All analyses were performed in R [23] version 3.6.1 or later, with R Studio [24].
Results
Demographics of the Blood Service Biobank
We compared the demographics of the Blood Service Biobank cohort to 203,861 blood donors who had donated blood in Finland during the same period as the biobank cohort was collected (Table 1). Overall, we could see several differences between the two cohorts.
In both cohorts, the overall number of female donors was higher, but male donors had higher donation activity. The age and donation activity distributions differed between the two cohorts; especially high difference was seen in the donation activity of young men. Blood group distribution between the two cohorts showed modest differentiation in all the ABO Rh blood groups, apart from AB– in both sexes and B+ in women. Highest difference was seen in O– distribution. All the provinces in Finland were represented in the study cohort (Table 1).
The mean values of PC1 and PC2 were compared by t-test between the Blood Service Biobank and FinnGen cohort. There was a statistically significant albeit small difference between the mean values of the PC1s of the two cohorts (p = 6.89e–15). The difference explained only 2% of the SD of the whole study cohort. The PC1 component is assumed to reflect the east-west axis of the Finnish population [12]. No difference was seen in PC2 comparison (p = 1.00). Principal components 1 and 2 of the two cohorts are shown in Fig. 1.

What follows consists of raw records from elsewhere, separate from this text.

Definition congruence (A : algebra S) (th : A -> A -> Prop) : Prop :=
  (forall x, th x x) /\ (forall x y, th x y -> th y x) /\
  (forall x y z, th x y -> th y z -> th x z) /\
  (forall (f : op_sym S) (a b : 'I_(arity f) -> A),
      (forall i, th (a i) (b i)) -> th (interp _ f a) (interp _ f b)).

Definition FSI (A : algebra S) : Prop :=
  (exists x y : A, x <> y) /\
  forall th1 th2 : A -> A -> Prop, congruence th1 -> congruence th2 ->
    (forall x y, th1 x y -> th2 x y -> x = y) ->
    (forall x y, th1 x y -> x = y) \/ (forall x y, th2 x y -> x = y).

Definition closed_H (K : algebra S -> Prop) : Prop :=
  forall (A B : algebra S) (h : A -> B),
    K A -> is_hom h -> (forall b, exists a, h a = b) -> K B.

Definition closed_S (K : algebra S -> Prop) : Prop :=
  forall (A B : algebra S) (h : A -> B),
    K B -> inhabited A -> is_hom h -> (forall x y, h x = h y -> x = y) -> K A.

Definition closed_P (K : algebra S -> Prop) : Prop :=
  forall (I : Type) (A : I -> algebra S),
    (forall i, K (A i)) -> K (prod_alg A).

Definition variety (K : algebra S -> Prop) : Prop :=
  (forall A, K A -> inhabited A) /\ closed_H K /\ closed_S K /\ closed_P K.

Definition cong_permutable (K : algebra S -> Prop) : Prop :=
  forall A : algebra S, K A ->
  forall th1 th2 : A -> A -> Prop, congruence th1 -> congruence th2 ->
  forall x y, (exists z, th1 x z /\ th2 z y) <-> (exists z, th2 x z /\ th1 z y).

Definition K_epi (K : algebra S -> Prop) (A B : algebra S) (f : A -> B) : Prop :=
  K A /\ K B /\ is_hom f /\
  forall (C : algebra S) (g h : B -> C), K C -> is_hom g -> is_hom h ->
    (forall a, g (f a) = h (f a)) -> forall b, g b = h b.

Definition weak_ES (K : algebra S -> Prop) : Prop :=
  forall (A B : algebra S) (f : A -> B),
    fin_generated A -> fin_generated B -> K_epi K f ->
    forall b, exists a, f a = b.

Definition subalgebra (B : algebra S) (P : B -> Prop) : Prop :=
  subuniverse P /\ exists a, P a.

(* The inclusion of the subalgebra P into B is a K-epimorphism. *)
Definition epic_in (K : algebra S -> Prop) (B : algebra S) (P : B -> Prop) : Prop :=
  forall (C : algebra S) (g h : B -> C), K C -> is_hom g -> is_hom h ->
    (forall a, P a -> g a = h a) -> forall b, g b = h b.

Definition full_in (K : algebra S -> Prop) (B : algebra S) (P : B -> Prop) : Prop :=
  (exists b, ~ P b) /\
  (exists b, forall c, Sg (fun x => P x \/ x = b) c) /\
  forall th : B -> B -> Prop, congruence th ->
    (exists x y, th x y /\ x <> y) ->
    forall b, exists a, P a /\ th b a.

Definition fully_epic_in (K : algebra S -> Prop) (B : algebra S) (P : B -> Prop) : Prop :=
  full_in K P /\ epic_in K P.

End UA.

From mathcomp Require Import all_boot.
From mathcomp Require boolp classical_sets.
From Stdlib Require Import List Classical ClassicalEpsilon.
From Stdlib Require Import FunctionalExtensionality PropExtensionality.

Genetic composition of the Blood Service Biobank
Based on linear regression, we could see a strong relationship between the allele frequencies of the 53 disease-associated variants in Blood Service Biobank and FinnGen cohort (adjusted R² = 0.997, p = 6.39e–15, Fig. 2A). Hence the alleles were found in the Blood Service Biobank cohort with similar frequencies as in the FinnGen cohort, consisting mostly of hospital-based biobanks.
All the investigated rare variants were found among the blood donors. 80.3% (N = 25,615) of the blood donors in the Biobank had at least one of the 53 rare variants, the range was 0–9. One blood donor carried 9 different rare variants (Fig. 2A). No less than 23.6% (N = 7533) of them carried three or more variants. Of the 53 rare variants, 38 were found at least once as homozygous (Fig. 2C). For 16 variants more than 10 homozygotes were found in the Blood Service Biobank. More than hundred homozygotes were found in two variants, rs144651842 and rs77482050. rs144651842 has been shown to be protective against chronic lower respiratory diseases and rs77482050 protective against prostate cancer [13].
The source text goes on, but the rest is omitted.